Prompt · Clinical Data Managers
Standardize And Clean A Dataset
Use this when you need to find duplicates, inconsistent formatting, or errors in a dataset before analysis.
How to use it
- Copy the prompt and paste it into ChatGPT, Claude, Gemini or any other AI.
- Replace every {{placeholder}} with your own details, or let the AI ask you for them.
- Use the follow-ups below to go deeper.
Prompt
Role — You are a data quality analyst who cleans and standardizes datasets so downstream analysis is accurate and consistent.
Context you provide
- {{dataset}} — the dataset or a representative sample to clean
- {{cleaning_focus}} — what to check, such as duplicate entries, date formats, or misspelled entries
- {{target_field_or_section}} — the specific field or section to focus on
- {{standard_format}} — optional: the format or convention records should follow
Instructions
- Ask for the dataset, cleaning focus, and target field if not provided.
- Scan {{dataset}} for duplicate or near-duplicate entries in {{target_field_or_section}}.
- Identify inconsistent formats, such as varied date styles or inconsistent capitalization, and standardize them to {{standard_format}} if given.
- Flag misspelled or clearly inconsistent entries with a proposed correction.
- Summarize the scope of issues found: how many records affected, by type.

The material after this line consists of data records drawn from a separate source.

(* Let $\mathcal{M}=(W,\leq,R,V^+,V^-)$ be a Nelsonian conditional model and define $\mathcal{M}^i=(W^i,\leq^i,R^i,V^i)$ by: $W^i:=W\cup R$; $\leq^i:=\leq\cup\{((w,(X,Y),v),(w',(X,Y),v'))\mid w\leq w',\,v\leq v'\}$ (for triples in $R$); $R^i:=\{(w,X',(w,(X,Y),v)),((w,(X,Y),v),Y',v)\mid (w,(X,Y),v)\in R,\,X'\cap W=X,\,Y'\cap W=Y\}$; $V^i(p_i):=V^+(p_i)$ and $V^i(q_i):=V^-(p_i)$. Then (1) $\mathcal{M}^i$ is an extended conditional intuitionistic model, and (2) for every $w\in W$ and every $\phi\in\mathcal{L}_{\Box\!\!\rightarrow}$, $\mathcal{M},w\models^+\phi$ iff $\mathcal{M}^i,w\models^i E^\pm(\phi)$.
   Context: $\mathcal{L}_{\Box\!\!\rightarrow}$ is built from variables $p_0,p_1,\dots$ with $\wedge,\vee,\to$, strong negation $\sim$, and a binary would-conditional $\Box\!\!\rightarrow$. A Nelsonian conditional model is $(W,\leq,R,V^+,V^-)$ with $W\neq\emptyset$, $\leq$ a preorder, $V^\pm$ assigning upward-closed sets to variables, $R\subseteq W\times(\mathcal{P}(W)\times\mathcal{P}(W))\times W$ satisfying for all $X,Y$: (c1) $w\leq w'$ and $R_{(X,Y)}(w,v)$ imply $R_{(X,Y)}(w',v')$ for some $v'\geq v$; (c2) $R_{(X,Y)}(w,v)$ and $v\leq v'$ imply $R_{(X,Y)}(w',v')$ for some $w'\geq w$. Verification $\models^+$/falsification $\models^-$: atoms by $V^\pm$; $\wedge$ verified iff both verified, falsified iff one falsified; $\vee$ dually; $\sim$ swaps; $w\models^+\psi\to\chi$ iff for all $v\geq w$, $v\models^+\psi$ implies $v\models^+\chi$; $w\models^-\psi\to\chi$ iff $w\models^+\psi$ and $w\models^-\chi$; $w\models^+\psi\Box\!\!\rightarrow\chi$ iff for all $v\geq w$ and $u$ with $R_{\|\psi\|}(v,u)$, $u\models^+\chi$; $w\models^-\psi\Box\!\!\rightarrow\chi$ iff some $u$ has $R_{\|\psi\|}(w,u)$ and $u\models^-\chi$; $\|\psi\|=(\{w\mid w\models^+\psi\},\{w\mid w\models^-\psi\})$. The target language $\mathcal{L}^{e+}_{(\Box\!\!\rightarrow,\Diamond\!\!\rightarrow)}$ has variables $p_i$ and extra variables $q_i$, connectives $\wedge,\vee,\to$ and primitive binary $\Box\!\!\rightarrow$, $\Diamond\!\!\rightarrow$ (no negation). An extended conditional intuitionistic model is $(W,\leq,R,V)$ with $\leq$ a preorder, $V$ assigning upward-closed sets to all $p_i,q_i$, $R\subseteq W\times\mathcal{P}(W)\times W$ such that for all $X$: if $w\leq w'$ and $R_X(w,v)$ then $R_X(w',v')$ for some $v'\geq v$; if $R_X(w,v)$ and $v\leq v'$ then $R_X(w',v')$ for some $w'\geq w$. $\models^i$: atoms by $V$; $\wedge,\vee$ classical at a point; $w\models^i\psi\to\chi$ iff for all $v\geq w$, $v\models^i\psi$ implies $v\models^i\chi$; $w\models^i\psi\Box\!\!\rightarrow\chi$ iff for all $v\geq w$ and $u$ with $R_{\|\psi\|^i}(v,u)$, $u\models^i\chi$; $w\models^i\psi\Diamond\!\!\rightarrow\chi$ iff some $u$ has $R_{\|\psi\|^i}(w,u)$ and $u\models^i\chi$; $\|\psi\|^i=\{w\mid w\models^i\psi\}$. The translation $E^\pm$: $E^\pm(p_i)=p_i$, $E^\pm(\sim p_i)=q_i$, $E^\pm(\phi\wedge\psi)=E^\pm(\phi)\wedge E^\pm(\psi)$, $E^\pm(\sim(\phi\wedge\psi))=E^\pm(\sim\phi)\vee E^\pm(\sim\psi)$, $E^\pm(\phi\vee\psi)=E^\pm(\phi)\vee E^\pm(\psi)$, $E^\pm(\sim(\phi\vee\psi))=E^\pm(\sim\phi)\wedge E^\pm(\sim\psi)$, $E^\pm(\sim\sim\phi)=E^\pm(\phi)$, $E^\pm(\phi\to\psi)=E^\pm(\phi)\to E^\pm(\psi)$, $E^\pm(\sim(\phi\to\psi))=E^\pm(\phi)\wedge E^\pm(\sim\psi)$, $E^\pm(\phi\Box\!\!\rightarrow\psi)=E^\pm(\phi)\Box\!\!\rightarrow(E^\pm(\sim\phi)\Box\!\!\rightarrow E^\pm(\psi))$, $E^\pm(\sim(\phi\Box\!\!\rightarrow\psi))=E^\pm(\phi)\Diamond\!\!\rightarrow(E^\pm(\sim\phi)\Diamond\!\!\rightarrow E^\pm(\sim\psi))$. *)

From Stdlib Require Import RelationClasses.
Set Implicit Arguments.

Inductive nform : Type :=
| NVar : nat -> nform
| NNeg : nform -> nform
| NAnd : nform -> nform -> nform
| NOr  : nform -> nform -> nform
| NImp : nform -> nform -> nform
| NBox : nform -> nform -> nform.

Inductive iform : Type :=
| IP : nat -> iform
| IQ : nat -> iform
| IAnd : iform -> iform -> iform
| IOr  : iform -> iform -> iform
| IImp : iform -> iform -> iform
| IBox : iform -> iform -> iform
| IDia : iform -> iform -> iform.

Definition upclosed (W : Type) (le : W -> W -> Prop) (A : W -> Prop) : Prop :=
  forall w w', le w w' -> A w -> A w'.

(* R : W -> (P(W) x P(W)) -> W -> Prop,  R w (X,Y) v  means R_{(X,Y)}(w,v) *)
Definition NCM (W : Type) (le : W -> W -> Prop)
    (R : W -> (W -> Prop) * (W -> Prop) -> W -> Prop)
    (Vp Vn : nat -> W -> Prop) : Prop :=
  inhabited W /\ PreOrder le /\
  (forall n, upclosed le (Vp n)) /\ (forall n, upclosed le (Vn n)) /\
  (forall XY w w' v, le w w' -> R w XY v -> exists v', le v v' /\ R w' XY v') /\
  (forall XY w v v', R w XY v -> le v v' -> exists w', le w w' /\ R w' XY v').

(* Verification / falsification: nsem phi = (||phi||^+, ||phi||^-) = ||phi|| *)
Fixpoint nsem (W : Type) (le : W -> W -> Prop)
    (R : W -> (W -> Prop) * (W -> Prop) -> W -> Prop)
    (Vp Vn : nat -> W -> Prop) (phi : nform) : (W -> Prop) * (W -> Prop) :=
  match phi with
  | NVar n => (Vp n, Vn n)
  | NNeg a => let A := nsem le R Vp Vn a in (snd A, fst A)
  | NAnd a b => let A := nsem le R Vp Vn a in let B := nsem le R Vp Vn b in
      (fun w => fst A w /\ fst B w, fun w => snd A w \/ snd B w)
  | NOr a b => let A := nsem le R Vp Vn a in let B := nsem le R Vp Vn b in
      (fun w => fst A w \/ fst B w, fun w => snd A w /\ snd B w)
  | NImp a b => let A := nsem le R Vp Vn a in let B := nsem le R Vp Vn b in
      (fun w => forall v, le w v -> fst A v -> fst B v,
       fun w => fst A w /\ snd B w)
  | NBox a b => let A := nsem le R Vp Vn a in let B := nsem le R Vp Vn b in
      (fun w => forall v u, le w v -> R v A u -> fst B u,
       fun w => exists u, R w A u /\ snd B u)
  end.

Definition ECIM (W : Type) (le : W -> W -> Prop)
    (R : W -> (W -> Prop) -> W -> Prop) (V : iform -> W -> Prop) : Prop :=
  PreOrder le /\
  (forall n, upclosed le (V (IP n))) /\ (forall n, upclosed le (V (IQ n))) /\
  (forall X w w' v, le w w' -> R w X v -> exists v', le v v' /\ R w' X v') /\
  (forall X w v v', R w X v -> le v v' -> exists w', le w w' /\ R w' X v').

Fixpoint isem (W : Type) (le : W -> W -> Prop)
    (R : W -> (W -> Prop) -> W -> Prop) (V : iform -> W -> Prop)
    (phi : iform) : W -> Prop :=
  match phi with
  | IP n => V (IP n)
  | IQ n => V (IQ n)
  | IAnd a b => fun w => isem le R V a w /\ isem le R V b w
  | IOr a b => fun w => isem le R V a w \/ isem le R V b w
  | IImp a b => fun w => forall v, le w v -> isem le R V a v -> isem le R V b v
  | IBox a b => fun w => forall v u, le w v -> R v (isem le R V a) u ->
                           isem le R V b u
  | IDia a b => fun w => exists u, R w (isem le R V a) u /\ isem le R V b u
  end.

(* Etr phi = (E^{+-}(phi), E^{+-}(~phi)); defined by structural recursion,
   unfolding the clauses of the paper (E(~~phi) = E(phi) gives the swap). *)
Fixpoint Etr (phi : nform) : iform * iform :=
  match phi with
  | NVar n => (IP n, IQ n)
  | NNeg a => let A := Etr a in (snd A, fst A)
  | NAnd a b => let A := Etr a in let B := Etr b in
      (IAnd (fst A) (fst B), IOr (snd A) (snd B))
  | NOr a b => let A := Etr a in let B := Etr b in
      (IOr (fst A) (fst B), IAnd (snd A) (snd B))
  | NImp a b => let A := Etr a in let B := Etr b in
      (IImp (fst A) (fst B), IAnd (fst A) (snd B))
  | NBox a b => let A := Etr a in let B := Etr b in
      (IBox (fst A) (IBox (snd A) (fst B)), IDia (fst A) (IDia (snd A) (snd B)))
  end.

Definition E (phi : nform) : iform := fst (Etr phi).

Section Mi.
Variables (W : Type) (le : W -> W -> Prop)
  (R : W -> (W -> Prop) * (W -> Prop) -> W -> Prop)
  (Vp Vn : nat -> W -> Prop).

Record Rtriple : Type := mkRt {
  rt_w : W; rt_X : W -> Prop; rt_Y : W -> Prop; rt_v : W;
  rt_R : R rt_w (rt_X, rt_Y) rt_v }.

Definition Wi : Type := (W + Rtriple)%type.

Definition lei (a b : Wi) : Prop :=
  match a, b with
  | inl w, inl w' => le w w'
  | inr t, inr t' => rt_X t = rt_X t' /\ rt_Y t = rt_Y t' /\
                     le (rt_w t) (rt_w t') /\ le (rt_v t) (rt_v t')
  | _, _ => False
  end.

(* X' \cap W, viewing W inside W^i *)
Definition capW (X' : Wi -> Prop) : W -> Prop := fun w => X' (inl w).

Definition Ri (a : Wi) (X' : Wi -> Prop) (b : Wi) : Prop :=
  exists t : Rtriple,
    (a = inl (rt_w t) /\ b = inr t /\ capW X' = rt_X t) \/
    (a = inr t /\ b = inl (rt_v t) /\ capW X' = rt_Y t).

Definition Vi (x : iform) (a : Wi) : Prop :=
  match x, a with
  | IP n, inl w => Vp n w
  | IQ n, inl w => Vn n w
  | _, _ => False
  end.
End Mi.

(* A triple t = (w,(X,Y),v) of R becomes a point of M^i lying between w and v,
   so a two-step R^i-path from w through t back into W, labelled X' and Y',
   is exactly an R-step from w to v labelled (X' ∩ W, Y' ∩ W).  Hence on W the
   nested conditionals of E(φ □→ ψ) and E(~(φ □→ ψ)) evaluate exactly like the
   clauses of □→, and a simultaneous induction shows that ||φ|| is the trace on
   W of the truth sets of (E(φ), E(~φ)).  The frame conditions of M^i are
   inherited from those of M on the W-to-triple steps and hold trivially on
   the triple-to-W steps. *)
From Stdlib Require Import RelationClasses FunctionalExtensionality PropExtensionality.

Lemma pred_ext (T : Type) (A B : T -> Prop) : (forall x, A x <-> B x) -> A = B.
Proof.
  intro AB. apply functional_extensionality; intro x.
  apply propositional_extensionality, AB.
Qed.

Section Mi_model.
Variables (W : Type) (le : W -> W -> Prop)
  (R : W -> (W -> Prop) * (W -> Prop) -> W -> Prop)
  (Vp Vn : nat -> W -> Prop).

Local Notation leI := (@lei W le R).
Local Notation RI := (@Ri W R).
Local Notation VI := (@Vi W R Vp Vn).
Local Notation sem := (isem leI RI VI).
Local Notation triple HR := (@mkRt W R _ _ _ _ HR).

Lemma lei_preorder : PreOrder le -> PreOrder leI.
Proof.
  intros [le_refl le_trans]. split.
  - intros [w|t]; simpl; auto.
  - intros [w|t] [w'|t'] [w''|t'']; simpl; try tauto; [eauto|].
    intros (X1 & Y1 & w1 & v1) (X2 & Y2 & w2 & v2).
    repeat split; try congruence; eauto.
Qed.

Lemma Vi_IP_upclosed n : upclosed le (Vp n) -> upclosed leI (VI (IP n)).
Proof. intros Hn [w|t] [w'|t']; simpl; try tauto. apply Hn. Qed.

Lemma Vi_IQ_upclosed n : upclosed le (Vn n) -> upclosed leI (VI (IQ n)).
Proof. intros Hn [w|t] [w'|t']; simpl; try tauto. apply Hn. Qed.

Lemma Ri_inlE w X b :
  RI (inl w) X b <-> exists t, b = inr t /\ rt_w t = w /\ rt_X t = capW X.
Proof.
  split.
  - intros [t [(Ew & Eb & EX) | (Ew & _)]]; [|discriminate].
    injection Ew as Ew. eauto.
  - intros (t & Eb & Ew & EX). exists t. left. subst. auto.
Qed.

Lemma Ri_inrE t Y b : RI (inr t) Y b <-> b = inl (rt_v t) /\ rt_Y t = capW Y.
Proof.
  split.
  - intros [t' [(Et & _) | (Et & Eb & EY)]]; [discriminate|].
    injection Et as Et. subst. auto.
  - intros [Eb EY]. exists t. right. subst. auto.
Qed.

Lemma Ri_two_step w X Y b :
  (exists x, RI (inl w) X x /\ RI x Y b) <->
  exists u, b = inl u /\ R w (capW X, capW Y) u.
Proof.
  split.
  - intros (x & Hwx & Hxb).
    apply Ri_inlE in Hwx as (t & -> & <- & <-).
    apply Ri_inrE in Hxb as [-> <-].
    exists (rt_v t). split; [reflexivity | exact (rt_R t)].
  - intros (u & -> & HR).
    exists (inr (triple HR)). split.
    + apply Ri_inlE. eexists; eauto.
    + apply Ri_inrE. auto.
Qed.

Lemma Ri_forth :
  (forall XY w w' v, le w w' -> R w XY v -> exists v', le v v' /\ R w' XY v') ->
  forall X a a' b, leI a a' -> RI a X b -> exists b', leI b b' /\ RI a' X b'.
Proof.
  intros forth X a a' b Ha [t [(-> & -> & EX) | (-> & -> & EY)]].
  - destruct a' as [w'|t']; simpl in Ha; [|contradiction].
    destruct (forth _ _ _ _ Ha (rt_R t)) as (v' & Hv & HR).
    exists (inr (triple HR)). split.
    + simpl. auto.
    + apply Ri_inlE. eexists; eauto.
  - destruct a' as [w'|t']; simpl in Ha; [contradiction|].
    destruct Ha as (EX & EY' & _ & Hv).
    exists (inl (rt_v t')). split; [exact Hv|].
    apply Ri_inrE. split; congruence.
Qed.

Lemma Ri_back :
  (forall XY w v v', R w XY v -> le v v' -> exists w', le w w' /\ R w' XY v') ->
  forall X a b b', RI a X b -> leI b b' -> exists a', leI a a' /\ RI a' X b'.
Proof.
  intros back X a b b' [t [(-> & -> & EX) | (-> & -> & EY)]] Hb.
  - destruct b' as [w'|t']; simpl in Hb; [contradiction|].
    destruct Hb as (EX' & _ & Hw & _).
    exists (inl (rt_w t')). split; [exact Hw|].
    apply Ri_inlE. eexists; split; [reflexivity | split; congruence].
  - destruct b' as [v'|t']; simpl in Hb; [|contradiction].
    destruct (back _ _ _ _ (rt_R t) Hb) as (w' & Hw & HR).
    exists (inr (triple HR)). split.
    + simpl. auto.
    + apply Ri_inrE. auto.
Qed.

Lemma Mi_ECIM : NCM le R Vp Vn -> ECIM leI RI VI.
Proof.
  intros (_ & le_pre & HVp & HVn & forth & back).
  repeat split.
  - apply lei_preorder, le_pre.
  - apply lei_preorder, le_pre.
  - intro n. apply Vi_IP_upclosed, HVp.
  - intro n. apply Vi_IQ_upclosed, HVn.
  - exact (Ri_forth forth).
  - exact (Ri_back back).
Qed.

Lemma isem_Imp_inl A B w :
  sem (IImp A B) (inl w) <->
  forall v, le w v -> sem A (inl v) -> sem B (inl v).
Proof.
  simpl. split.
  - intros H v. apply (H (inl v)).
  - intros H [v|t] Hv; [apply H, Hv | contradiction].
Qed.

Lemma isem_Dia_Dia_inl A B C w :
  sem (IDia A (IDia B C)) (inl w) <->
  exists u, R w (capW (sem A), capW (sem B)) u /\ sem C (inl u).
Proof.
  simpl. split.
  - intros (x & Hwx & y & Hxy & Hy).
    assert (Hpath : exists x, RI (inl w) (sem A) x /\ RI x (sem B) y) by eauto.
    apply Ri_two_step in Hpath as (u & -> & HR).
    eauto.
  - intros (u & HR & Hu).
    destruct (proj2 (Ri_two_step w (sem A) (sem B) (inl u))
                (ex_intro _ u (conj eq_refl HR))) as (x & Hwx & Hxu).
    eauto.
Qed.

(* Left to right instantiates the inner box at the triple itself, which needs
   reflexivity; right to left needs transitivity, since the inner box also
   ranges over triples above it. *)
Lemma isem_Box_Box_inl A B C w :
  PreOrder le ->
  sem (IBox A (IBox B C)) (inl w) <->
  forall v u, le w v -> R v (capW (sem A), capW (sem B)) u -> sem C (inl u).
Proof.
  intros [le_refl le_trans]. simpl. split.
  - intros H v u Hv HR.
    refine (H (inl v) (inr (triple HR)) Hv _ (inr (triple HR)) (inl u) _ _);
      [| simpl; auto |].
    + apply Ri_inlE. eexists; eauto.
    + apply Ri_inrE. auto.
  - intros H x y Hx Hxy c d Hc Hcd.
    destruct x as [v|t0]; simpl in Hx; [|contradiction].
    apply Ri_inlE in Hxy as (t & -> & <- & EX).
    destruct c as [v'|t']; simpl in Hc; [contradiction|].
    destruct Hc as (EX' & _ & Hw & _).
    apply Ri_inrE in Hcd as [-> EY].
    apply (H (rt_w t') (rt_v t')); [eauto|].
    rewrite <- EX, <- EY, EX'. exact (rt_R t').
Qed.

Lemma nsem_Etr phi :
  PreOrder le ->
  nsem le R Vp Vn phi =
  (capW (sem (fst (Etr phi))), capW (sem (snd (Etr phi)))).
Proof.
  intro le_pre.
  induction phi as [n|a IHa|a IHa b IHb|a IHa b IHb|a IHa b IHb|a IHa b IHb];
    simpl; try rewrite IHa; try rewrite IHb; try reflexivity.
  - f_equal. apply pred_ext; intro w. symmetry. apply isem_Imp_inl.
  - f_equal; apply pred_ext; intro w; symmetry.
    + apply isem_Box_Box_inl, le_pre.
    + apply isem_Dia_Dia_inl.
Qed.

End Mi_model.

Theorem lemma13 (W : Type) (le : W -> W -> Prop)
    (R : W -> (W -> Prop) * (W -> Prop) -> W -> Prop)
    (Vp Vn : nat -> W -> Prop) :
  NCM le R Vp Vn ->
  ECIM (@lei W le R) (@Ri W R) (@Vi W R Vp Vn) /\
  (forall (w : W) (phi : nform),
      fst (nsem le R Vp Vn phi) w <->
      isem (@lei W le R) (@Ri W R) (@Vi W R Vp Vn) (E phi) (inl w)).
Proof.
  intro HM. split.
  - apply Mi_ECIM, HM.
  - intros w phi. destruct HM as (_ & le_pre & _).
    rewrite nsem_Etr by exact le_pre. reflexivity.
Qed.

Output format — A table (original value, issue type, proposed correction), followed by a short summary of overall data quality and remaining risks.
Guardrails
- Do not alter or invent data values beyond what's in {{dataset}}; only flag and propose corrections.
- Flag ambiguous cases for human review rather than guessing at a "correct" value.
- Do not include any patient-identifying details beyond what's needed to explain the issue, and note that PHI should be handled per applicable privacy rules.
Example — {{dataset}} = a 1,200-row clinical trial enrollment export; {{cleaning_focus}} = duplicate entries and inconsistent date formats; {{target_field_or_section}} = enrollment date field; {{standard_format}} = YYYY-MM-DD.
Follow-up prompts
- What cleaning steps should we document for the audit trail?
- Can you recommend data-entry improvements to reduce these errors going forward?
- How might these issues affect the reliability of our current analysis?